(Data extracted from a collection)
——————————

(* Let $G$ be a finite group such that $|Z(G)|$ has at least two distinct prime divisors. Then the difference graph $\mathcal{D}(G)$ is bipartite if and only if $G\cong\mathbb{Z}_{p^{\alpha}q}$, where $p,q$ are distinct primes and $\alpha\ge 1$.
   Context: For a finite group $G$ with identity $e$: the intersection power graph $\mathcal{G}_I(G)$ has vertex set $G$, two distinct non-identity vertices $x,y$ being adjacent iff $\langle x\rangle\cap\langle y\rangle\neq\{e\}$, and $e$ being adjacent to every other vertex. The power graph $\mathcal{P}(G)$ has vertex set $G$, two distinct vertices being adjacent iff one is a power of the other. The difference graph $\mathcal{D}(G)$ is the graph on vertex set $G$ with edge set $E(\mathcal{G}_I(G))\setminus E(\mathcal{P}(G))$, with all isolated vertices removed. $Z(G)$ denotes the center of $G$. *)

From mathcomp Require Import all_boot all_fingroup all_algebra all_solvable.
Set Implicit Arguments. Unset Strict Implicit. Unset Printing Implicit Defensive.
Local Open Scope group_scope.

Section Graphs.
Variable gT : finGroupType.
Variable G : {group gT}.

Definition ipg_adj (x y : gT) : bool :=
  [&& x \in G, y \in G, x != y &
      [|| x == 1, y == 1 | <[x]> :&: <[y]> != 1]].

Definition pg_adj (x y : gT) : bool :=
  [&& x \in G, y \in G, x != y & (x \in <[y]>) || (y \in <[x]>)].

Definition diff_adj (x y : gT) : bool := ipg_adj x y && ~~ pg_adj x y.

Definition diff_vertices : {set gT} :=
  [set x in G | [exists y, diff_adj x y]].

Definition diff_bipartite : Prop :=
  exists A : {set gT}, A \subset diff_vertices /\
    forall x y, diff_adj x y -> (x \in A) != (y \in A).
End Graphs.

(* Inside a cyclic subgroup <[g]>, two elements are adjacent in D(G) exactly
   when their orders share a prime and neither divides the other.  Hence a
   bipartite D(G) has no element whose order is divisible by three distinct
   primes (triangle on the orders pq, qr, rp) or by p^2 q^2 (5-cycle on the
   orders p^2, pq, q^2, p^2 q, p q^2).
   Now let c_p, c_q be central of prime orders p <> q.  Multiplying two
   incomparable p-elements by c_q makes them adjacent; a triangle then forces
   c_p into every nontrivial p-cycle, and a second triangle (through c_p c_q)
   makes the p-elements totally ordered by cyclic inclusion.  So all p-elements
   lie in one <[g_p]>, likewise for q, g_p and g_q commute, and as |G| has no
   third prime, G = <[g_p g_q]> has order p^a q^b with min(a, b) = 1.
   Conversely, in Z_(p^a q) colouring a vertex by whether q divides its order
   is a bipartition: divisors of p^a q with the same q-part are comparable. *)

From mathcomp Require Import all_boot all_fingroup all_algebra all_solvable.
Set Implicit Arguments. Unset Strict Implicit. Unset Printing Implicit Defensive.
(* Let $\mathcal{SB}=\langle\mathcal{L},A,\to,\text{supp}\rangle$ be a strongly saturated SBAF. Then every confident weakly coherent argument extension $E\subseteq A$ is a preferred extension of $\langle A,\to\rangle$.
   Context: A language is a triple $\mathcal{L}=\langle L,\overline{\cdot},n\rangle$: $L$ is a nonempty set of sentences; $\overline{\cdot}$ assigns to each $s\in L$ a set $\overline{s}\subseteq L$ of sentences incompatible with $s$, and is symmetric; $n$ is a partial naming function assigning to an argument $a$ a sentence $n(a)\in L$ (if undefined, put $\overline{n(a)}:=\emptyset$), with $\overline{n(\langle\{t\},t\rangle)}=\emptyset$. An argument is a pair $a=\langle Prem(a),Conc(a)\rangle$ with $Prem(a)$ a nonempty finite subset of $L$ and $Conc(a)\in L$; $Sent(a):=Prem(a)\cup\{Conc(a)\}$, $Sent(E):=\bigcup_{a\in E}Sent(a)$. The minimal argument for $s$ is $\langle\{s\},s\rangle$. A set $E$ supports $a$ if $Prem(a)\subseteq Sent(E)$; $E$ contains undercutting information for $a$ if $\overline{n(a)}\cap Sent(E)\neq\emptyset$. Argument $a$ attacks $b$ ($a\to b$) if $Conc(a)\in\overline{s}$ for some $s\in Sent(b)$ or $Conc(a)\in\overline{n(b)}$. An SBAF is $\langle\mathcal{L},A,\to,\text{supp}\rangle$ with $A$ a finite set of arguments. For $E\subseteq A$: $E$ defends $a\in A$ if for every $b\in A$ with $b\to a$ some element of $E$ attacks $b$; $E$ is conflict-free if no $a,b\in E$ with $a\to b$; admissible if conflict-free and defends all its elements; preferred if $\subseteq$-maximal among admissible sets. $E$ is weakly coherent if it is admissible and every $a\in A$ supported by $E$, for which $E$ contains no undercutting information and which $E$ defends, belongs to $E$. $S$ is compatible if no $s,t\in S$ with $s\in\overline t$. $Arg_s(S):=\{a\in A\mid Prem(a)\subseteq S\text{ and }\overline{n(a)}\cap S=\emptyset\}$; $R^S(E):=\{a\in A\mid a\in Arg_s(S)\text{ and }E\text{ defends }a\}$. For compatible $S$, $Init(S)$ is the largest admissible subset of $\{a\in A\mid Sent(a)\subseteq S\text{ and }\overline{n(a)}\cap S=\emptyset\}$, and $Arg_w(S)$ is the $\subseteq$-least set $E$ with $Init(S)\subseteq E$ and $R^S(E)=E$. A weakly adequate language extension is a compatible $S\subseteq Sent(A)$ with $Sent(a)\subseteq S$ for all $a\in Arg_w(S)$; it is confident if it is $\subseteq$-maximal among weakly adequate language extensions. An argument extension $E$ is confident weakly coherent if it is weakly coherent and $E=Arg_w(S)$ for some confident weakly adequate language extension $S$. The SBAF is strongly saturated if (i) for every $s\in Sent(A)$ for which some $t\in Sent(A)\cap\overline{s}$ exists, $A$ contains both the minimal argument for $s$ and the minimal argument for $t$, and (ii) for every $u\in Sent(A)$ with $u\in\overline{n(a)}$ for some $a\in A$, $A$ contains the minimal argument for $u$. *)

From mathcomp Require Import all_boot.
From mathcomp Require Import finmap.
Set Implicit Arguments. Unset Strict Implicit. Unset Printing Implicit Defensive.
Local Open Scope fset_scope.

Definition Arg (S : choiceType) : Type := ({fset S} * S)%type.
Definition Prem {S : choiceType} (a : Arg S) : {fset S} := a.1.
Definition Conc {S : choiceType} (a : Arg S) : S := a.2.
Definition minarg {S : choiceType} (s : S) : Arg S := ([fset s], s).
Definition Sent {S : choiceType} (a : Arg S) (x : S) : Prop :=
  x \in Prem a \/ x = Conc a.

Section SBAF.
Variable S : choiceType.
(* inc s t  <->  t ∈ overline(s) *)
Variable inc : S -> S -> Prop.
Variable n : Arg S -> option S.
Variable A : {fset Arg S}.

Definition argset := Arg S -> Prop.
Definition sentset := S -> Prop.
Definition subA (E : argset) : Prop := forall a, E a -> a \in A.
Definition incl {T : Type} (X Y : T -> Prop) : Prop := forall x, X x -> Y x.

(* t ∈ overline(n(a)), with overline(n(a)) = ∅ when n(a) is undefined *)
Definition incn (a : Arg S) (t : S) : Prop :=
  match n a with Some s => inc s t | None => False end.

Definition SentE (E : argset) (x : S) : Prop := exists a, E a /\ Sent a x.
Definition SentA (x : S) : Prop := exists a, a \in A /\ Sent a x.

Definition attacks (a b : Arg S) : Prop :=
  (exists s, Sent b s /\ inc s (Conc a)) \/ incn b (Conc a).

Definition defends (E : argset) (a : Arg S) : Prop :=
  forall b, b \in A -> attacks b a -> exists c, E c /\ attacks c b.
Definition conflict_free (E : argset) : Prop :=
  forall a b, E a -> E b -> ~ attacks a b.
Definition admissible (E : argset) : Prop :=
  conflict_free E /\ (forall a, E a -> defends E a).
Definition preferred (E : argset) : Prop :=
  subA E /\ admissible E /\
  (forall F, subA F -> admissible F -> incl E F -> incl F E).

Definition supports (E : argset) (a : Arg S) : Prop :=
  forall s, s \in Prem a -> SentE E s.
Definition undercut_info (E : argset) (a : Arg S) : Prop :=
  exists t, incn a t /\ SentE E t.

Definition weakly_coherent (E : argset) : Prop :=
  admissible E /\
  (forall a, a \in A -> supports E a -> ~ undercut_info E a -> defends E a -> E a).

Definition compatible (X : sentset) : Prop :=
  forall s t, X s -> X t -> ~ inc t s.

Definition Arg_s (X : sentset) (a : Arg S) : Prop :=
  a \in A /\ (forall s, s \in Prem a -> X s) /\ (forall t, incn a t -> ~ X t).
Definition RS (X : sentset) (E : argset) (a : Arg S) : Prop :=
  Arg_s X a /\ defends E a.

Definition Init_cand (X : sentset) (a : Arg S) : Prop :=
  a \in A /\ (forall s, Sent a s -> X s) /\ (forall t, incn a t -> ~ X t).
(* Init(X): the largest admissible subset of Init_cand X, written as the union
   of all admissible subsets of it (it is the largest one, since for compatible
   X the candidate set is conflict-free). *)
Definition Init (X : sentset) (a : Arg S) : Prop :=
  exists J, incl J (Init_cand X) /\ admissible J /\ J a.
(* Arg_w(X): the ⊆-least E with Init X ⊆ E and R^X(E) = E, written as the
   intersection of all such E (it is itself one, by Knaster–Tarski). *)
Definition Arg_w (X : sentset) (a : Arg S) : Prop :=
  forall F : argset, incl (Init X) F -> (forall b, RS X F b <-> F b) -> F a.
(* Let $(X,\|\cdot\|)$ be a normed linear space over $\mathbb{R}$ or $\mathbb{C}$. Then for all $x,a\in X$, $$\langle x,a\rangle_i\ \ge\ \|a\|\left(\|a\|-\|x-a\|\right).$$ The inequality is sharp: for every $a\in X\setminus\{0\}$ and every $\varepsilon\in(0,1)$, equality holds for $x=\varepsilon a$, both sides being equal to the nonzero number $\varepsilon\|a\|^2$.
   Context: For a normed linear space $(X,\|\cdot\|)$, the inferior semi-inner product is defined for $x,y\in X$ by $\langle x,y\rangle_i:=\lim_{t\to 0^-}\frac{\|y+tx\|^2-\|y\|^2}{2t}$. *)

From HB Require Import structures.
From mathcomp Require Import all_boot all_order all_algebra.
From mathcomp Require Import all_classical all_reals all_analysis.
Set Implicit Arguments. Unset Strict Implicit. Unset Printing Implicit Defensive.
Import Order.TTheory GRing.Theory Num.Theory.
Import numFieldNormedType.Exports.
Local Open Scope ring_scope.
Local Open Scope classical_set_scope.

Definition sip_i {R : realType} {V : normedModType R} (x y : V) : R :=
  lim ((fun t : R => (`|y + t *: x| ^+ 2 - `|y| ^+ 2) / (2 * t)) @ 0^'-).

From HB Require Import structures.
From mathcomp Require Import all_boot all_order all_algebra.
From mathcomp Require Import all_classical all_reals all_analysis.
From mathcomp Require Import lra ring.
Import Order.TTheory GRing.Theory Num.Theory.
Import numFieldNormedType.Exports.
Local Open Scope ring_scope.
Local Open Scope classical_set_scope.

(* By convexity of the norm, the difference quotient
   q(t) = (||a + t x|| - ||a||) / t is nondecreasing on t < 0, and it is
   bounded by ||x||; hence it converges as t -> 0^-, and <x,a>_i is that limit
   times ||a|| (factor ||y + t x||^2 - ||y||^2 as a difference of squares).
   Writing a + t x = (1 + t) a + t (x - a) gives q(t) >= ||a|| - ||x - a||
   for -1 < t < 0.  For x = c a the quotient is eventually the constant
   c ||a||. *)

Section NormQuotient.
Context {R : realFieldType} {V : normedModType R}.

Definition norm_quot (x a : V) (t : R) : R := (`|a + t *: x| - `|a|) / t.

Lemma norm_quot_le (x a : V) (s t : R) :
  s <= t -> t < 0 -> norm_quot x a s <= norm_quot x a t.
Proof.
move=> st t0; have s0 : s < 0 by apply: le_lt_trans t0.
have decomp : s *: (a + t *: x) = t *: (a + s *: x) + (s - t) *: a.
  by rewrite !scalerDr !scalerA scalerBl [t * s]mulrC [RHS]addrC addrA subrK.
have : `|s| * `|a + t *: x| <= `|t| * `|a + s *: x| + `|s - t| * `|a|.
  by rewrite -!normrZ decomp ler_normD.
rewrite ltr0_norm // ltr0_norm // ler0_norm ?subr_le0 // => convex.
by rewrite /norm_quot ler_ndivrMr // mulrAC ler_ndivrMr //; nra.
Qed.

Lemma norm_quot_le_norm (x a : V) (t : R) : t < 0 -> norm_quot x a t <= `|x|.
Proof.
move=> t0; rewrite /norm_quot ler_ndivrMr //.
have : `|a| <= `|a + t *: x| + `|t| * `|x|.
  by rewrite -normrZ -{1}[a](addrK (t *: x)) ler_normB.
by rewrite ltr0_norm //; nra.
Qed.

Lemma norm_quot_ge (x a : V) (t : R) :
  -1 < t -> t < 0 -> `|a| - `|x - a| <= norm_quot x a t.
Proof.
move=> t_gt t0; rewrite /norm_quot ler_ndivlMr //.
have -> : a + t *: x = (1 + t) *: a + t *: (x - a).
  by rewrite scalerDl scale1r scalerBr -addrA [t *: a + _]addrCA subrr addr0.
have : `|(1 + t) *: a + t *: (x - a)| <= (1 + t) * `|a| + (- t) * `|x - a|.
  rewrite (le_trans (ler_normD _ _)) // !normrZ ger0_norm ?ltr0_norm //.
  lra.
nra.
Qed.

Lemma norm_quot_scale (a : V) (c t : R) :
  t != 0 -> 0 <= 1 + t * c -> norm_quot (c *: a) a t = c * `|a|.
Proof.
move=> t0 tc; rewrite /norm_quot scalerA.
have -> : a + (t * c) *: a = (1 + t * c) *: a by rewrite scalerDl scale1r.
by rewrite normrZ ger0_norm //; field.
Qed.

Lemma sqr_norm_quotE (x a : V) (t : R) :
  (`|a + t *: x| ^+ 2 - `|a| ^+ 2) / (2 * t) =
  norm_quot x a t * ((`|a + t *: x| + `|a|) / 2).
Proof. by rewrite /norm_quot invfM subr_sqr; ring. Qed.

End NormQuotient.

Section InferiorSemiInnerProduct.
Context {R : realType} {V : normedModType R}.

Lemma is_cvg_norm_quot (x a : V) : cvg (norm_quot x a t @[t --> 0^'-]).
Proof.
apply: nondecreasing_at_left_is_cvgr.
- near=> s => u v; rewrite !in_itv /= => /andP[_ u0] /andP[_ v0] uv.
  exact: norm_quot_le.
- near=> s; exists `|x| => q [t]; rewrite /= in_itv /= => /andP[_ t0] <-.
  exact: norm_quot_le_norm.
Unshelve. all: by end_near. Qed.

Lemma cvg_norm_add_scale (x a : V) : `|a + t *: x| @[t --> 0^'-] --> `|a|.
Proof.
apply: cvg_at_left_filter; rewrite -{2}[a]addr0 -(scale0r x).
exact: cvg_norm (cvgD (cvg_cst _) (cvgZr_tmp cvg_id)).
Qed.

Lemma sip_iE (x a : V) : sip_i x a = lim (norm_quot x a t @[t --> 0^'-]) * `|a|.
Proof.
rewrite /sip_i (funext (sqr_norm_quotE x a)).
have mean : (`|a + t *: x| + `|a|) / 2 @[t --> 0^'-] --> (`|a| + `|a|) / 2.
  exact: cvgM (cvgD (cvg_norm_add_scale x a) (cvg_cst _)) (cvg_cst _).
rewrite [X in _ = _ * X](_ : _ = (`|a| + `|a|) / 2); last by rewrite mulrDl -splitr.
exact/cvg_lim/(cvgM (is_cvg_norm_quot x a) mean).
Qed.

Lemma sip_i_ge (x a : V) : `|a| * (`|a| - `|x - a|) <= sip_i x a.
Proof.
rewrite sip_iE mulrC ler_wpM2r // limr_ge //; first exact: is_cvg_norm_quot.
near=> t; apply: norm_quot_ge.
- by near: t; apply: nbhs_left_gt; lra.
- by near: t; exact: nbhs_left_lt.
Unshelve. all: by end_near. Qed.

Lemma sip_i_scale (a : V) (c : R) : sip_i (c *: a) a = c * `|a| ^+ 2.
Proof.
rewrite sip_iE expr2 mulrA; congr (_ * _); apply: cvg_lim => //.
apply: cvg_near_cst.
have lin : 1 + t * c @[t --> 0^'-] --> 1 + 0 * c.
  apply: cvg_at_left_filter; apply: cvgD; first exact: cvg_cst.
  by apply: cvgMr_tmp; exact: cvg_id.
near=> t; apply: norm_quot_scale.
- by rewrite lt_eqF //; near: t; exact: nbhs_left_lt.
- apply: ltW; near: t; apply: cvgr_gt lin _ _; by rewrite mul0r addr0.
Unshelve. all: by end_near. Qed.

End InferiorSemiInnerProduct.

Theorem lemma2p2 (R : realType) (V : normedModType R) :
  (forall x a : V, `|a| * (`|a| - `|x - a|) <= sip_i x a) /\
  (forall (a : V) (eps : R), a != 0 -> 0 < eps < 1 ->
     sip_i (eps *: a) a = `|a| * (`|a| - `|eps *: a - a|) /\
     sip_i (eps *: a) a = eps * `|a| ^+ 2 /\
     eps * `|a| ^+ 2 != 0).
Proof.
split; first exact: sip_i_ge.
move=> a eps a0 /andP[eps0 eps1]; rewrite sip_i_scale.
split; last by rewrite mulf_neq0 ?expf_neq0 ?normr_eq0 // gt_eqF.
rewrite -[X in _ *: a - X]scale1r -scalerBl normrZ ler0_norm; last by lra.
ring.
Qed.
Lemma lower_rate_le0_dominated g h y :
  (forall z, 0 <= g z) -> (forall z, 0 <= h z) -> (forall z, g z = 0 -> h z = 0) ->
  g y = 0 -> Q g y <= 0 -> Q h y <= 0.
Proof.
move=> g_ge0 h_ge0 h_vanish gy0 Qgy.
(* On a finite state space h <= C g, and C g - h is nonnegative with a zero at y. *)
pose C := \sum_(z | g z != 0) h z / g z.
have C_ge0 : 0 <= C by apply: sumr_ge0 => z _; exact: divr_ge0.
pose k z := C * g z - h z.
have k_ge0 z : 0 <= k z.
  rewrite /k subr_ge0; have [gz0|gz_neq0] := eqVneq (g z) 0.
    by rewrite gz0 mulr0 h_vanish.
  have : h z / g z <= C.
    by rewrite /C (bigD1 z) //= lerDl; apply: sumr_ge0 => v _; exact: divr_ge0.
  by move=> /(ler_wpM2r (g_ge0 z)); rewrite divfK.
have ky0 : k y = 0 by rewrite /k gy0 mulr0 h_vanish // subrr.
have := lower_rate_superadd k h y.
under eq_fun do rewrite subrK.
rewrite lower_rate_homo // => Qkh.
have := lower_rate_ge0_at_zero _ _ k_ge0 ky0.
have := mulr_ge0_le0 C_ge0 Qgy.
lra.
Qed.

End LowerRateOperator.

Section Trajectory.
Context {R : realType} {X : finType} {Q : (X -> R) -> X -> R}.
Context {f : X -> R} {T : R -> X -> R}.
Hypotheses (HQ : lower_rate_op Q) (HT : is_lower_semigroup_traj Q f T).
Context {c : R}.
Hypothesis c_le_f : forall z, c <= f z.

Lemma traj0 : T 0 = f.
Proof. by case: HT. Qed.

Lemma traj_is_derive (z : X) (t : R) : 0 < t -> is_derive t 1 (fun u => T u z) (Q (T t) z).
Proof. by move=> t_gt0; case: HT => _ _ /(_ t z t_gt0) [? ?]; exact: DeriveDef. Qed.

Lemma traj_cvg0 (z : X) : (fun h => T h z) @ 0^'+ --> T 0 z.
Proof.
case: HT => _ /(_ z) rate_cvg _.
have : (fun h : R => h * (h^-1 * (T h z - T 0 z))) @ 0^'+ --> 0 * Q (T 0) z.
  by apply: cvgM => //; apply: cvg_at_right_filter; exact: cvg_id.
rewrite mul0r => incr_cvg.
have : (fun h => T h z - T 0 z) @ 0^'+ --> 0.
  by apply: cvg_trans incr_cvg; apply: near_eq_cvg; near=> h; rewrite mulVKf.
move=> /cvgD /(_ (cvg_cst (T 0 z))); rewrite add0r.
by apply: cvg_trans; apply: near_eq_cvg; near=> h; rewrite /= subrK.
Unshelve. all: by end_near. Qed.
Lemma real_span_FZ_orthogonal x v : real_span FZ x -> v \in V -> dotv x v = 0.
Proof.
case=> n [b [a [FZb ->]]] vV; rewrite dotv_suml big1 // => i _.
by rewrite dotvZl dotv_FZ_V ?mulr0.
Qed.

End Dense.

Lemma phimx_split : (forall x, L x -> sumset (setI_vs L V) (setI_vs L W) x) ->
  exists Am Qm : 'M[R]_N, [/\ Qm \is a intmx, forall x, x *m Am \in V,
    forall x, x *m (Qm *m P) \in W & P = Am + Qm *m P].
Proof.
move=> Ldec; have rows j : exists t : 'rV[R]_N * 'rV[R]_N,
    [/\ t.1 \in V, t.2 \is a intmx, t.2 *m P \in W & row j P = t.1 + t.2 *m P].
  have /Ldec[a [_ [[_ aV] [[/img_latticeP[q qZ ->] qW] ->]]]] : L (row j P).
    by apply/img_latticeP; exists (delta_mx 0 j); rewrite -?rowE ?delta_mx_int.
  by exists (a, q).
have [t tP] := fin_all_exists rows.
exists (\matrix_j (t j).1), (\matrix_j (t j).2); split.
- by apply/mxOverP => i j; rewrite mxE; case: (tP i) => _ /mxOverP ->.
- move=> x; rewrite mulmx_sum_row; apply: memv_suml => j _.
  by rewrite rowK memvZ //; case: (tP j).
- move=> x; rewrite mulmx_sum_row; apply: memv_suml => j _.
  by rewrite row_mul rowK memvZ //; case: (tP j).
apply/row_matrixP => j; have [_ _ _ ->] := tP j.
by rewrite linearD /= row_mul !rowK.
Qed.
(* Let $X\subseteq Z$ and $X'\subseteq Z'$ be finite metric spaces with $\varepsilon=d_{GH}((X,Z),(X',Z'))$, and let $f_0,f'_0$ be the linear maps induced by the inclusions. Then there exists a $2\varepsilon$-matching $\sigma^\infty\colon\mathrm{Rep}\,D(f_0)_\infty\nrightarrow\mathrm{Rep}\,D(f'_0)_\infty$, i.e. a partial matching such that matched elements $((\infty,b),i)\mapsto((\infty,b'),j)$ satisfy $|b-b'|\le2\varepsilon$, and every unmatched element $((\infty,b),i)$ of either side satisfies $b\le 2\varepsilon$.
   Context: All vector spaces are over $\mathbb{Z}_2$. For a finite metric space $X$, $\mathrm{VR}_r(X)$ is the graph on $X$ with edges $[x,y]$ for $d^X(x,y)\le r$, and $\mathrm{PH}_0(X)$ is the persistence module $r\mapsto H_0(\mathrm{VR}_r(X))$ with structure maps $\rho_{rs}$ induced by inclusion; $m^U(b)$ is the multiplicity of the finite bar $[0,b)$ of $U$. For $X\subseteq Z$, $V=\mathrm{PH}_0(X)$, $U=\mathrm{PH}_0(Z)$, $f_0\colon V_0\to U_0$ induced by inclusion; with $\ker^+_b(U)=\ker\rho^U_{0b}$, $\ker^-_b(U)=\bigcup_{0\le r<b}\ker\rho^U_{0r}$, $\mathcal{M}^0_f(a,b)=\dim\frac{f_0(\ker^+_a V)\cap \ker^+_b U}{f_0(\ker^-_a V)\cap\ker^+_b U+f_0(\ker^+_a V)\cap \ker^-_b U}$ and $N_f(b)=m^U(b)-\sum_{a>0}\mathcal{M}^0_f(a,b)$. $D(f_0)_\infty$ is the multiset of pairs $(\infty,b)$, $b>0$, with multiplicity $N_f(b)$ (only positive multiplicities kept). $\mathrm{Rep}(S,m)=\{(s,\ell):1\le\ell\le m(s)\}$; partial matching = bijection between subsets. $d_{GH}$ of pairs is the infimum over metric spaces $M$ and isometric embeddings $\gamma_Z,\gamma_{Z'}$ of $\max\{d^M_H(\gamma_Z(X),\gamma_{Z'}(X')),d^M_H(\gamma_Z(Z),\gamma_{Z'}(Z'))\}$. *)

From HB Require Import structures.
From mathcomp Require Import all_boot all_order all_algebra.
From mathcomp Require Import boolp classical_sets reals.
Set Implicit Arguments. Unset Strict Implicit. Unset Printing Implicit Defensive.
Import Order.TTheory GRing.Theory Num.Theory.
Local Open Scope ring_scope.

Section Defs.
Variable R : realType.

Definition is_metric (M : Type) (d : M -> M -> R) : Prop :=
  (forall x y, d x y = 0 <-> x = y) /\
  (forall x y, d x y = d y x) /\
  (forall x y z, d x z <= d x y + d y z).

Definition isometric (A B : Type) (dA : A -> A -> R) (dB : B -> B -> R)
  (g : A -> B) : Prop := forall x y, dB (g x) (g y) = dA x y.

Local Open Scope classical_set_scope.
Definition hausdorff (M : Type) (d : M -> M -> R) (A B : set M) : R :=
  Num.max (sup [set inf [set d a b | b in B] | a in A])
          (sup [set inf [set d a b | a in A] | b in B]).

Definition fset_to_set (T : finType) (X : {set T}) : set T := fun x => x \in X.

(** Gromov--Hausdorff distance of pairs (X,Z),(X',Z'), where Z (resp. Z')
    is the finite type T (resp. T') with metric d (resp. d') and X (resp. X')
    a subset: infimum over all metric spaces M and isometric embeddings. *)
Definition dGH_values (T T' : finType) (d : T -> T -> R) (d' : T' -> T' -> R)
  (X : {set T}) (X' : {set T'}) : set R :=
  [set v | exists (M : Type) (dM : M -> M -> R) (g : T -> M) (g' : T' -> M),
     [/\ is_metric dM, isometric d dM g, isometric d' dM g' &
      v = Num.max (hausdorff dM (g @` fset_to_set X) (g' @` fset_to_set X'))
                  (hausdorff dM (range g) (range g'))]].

——————————

Your answer should hold exactly the lines from the one containing "Definition hausdorff (M" through the end of the entries above, and nothing else.

Definition hausdorff (M : Type) (d : M -> M -> R) (A B : set M) : R :=
  Num.max (sup [set inf [set d a b | b in B] | a in A])
          (sup [set inf [set d a b | a in A] | b in B]).

Definition fset_to_set (T : finType) (X : {set T}) : set T := fun x => x \in X.

(** Gromov--Hausdorff distance of pairs (X,Z),(X',Z'), where Z (resp. Z')
    is the finite type T (resp. T') with metric d (resp. d') and X (resp. X')
    a subset: infimum over all metric spaces M and isometric embeddings. *)
Definition dGH_values (T T' : finType) (d : T -> T -> R) (d' : T' -> T' -> R)
  (X : {set T}) (X' : {set T'}) : set R :=
  [set v | exists (M : Type) (dM : M -> M -> R) (g : T -> M) (g' : T' -> M),
     [/\ is_metric dM, isometric d dM g, isometric d' dM g' &
      v = Num.max (hausdorff dM (g @` fset_to_set X) (g' @` fset_to_set X'))
                  (hausdorff dM (range g) (range g'))]].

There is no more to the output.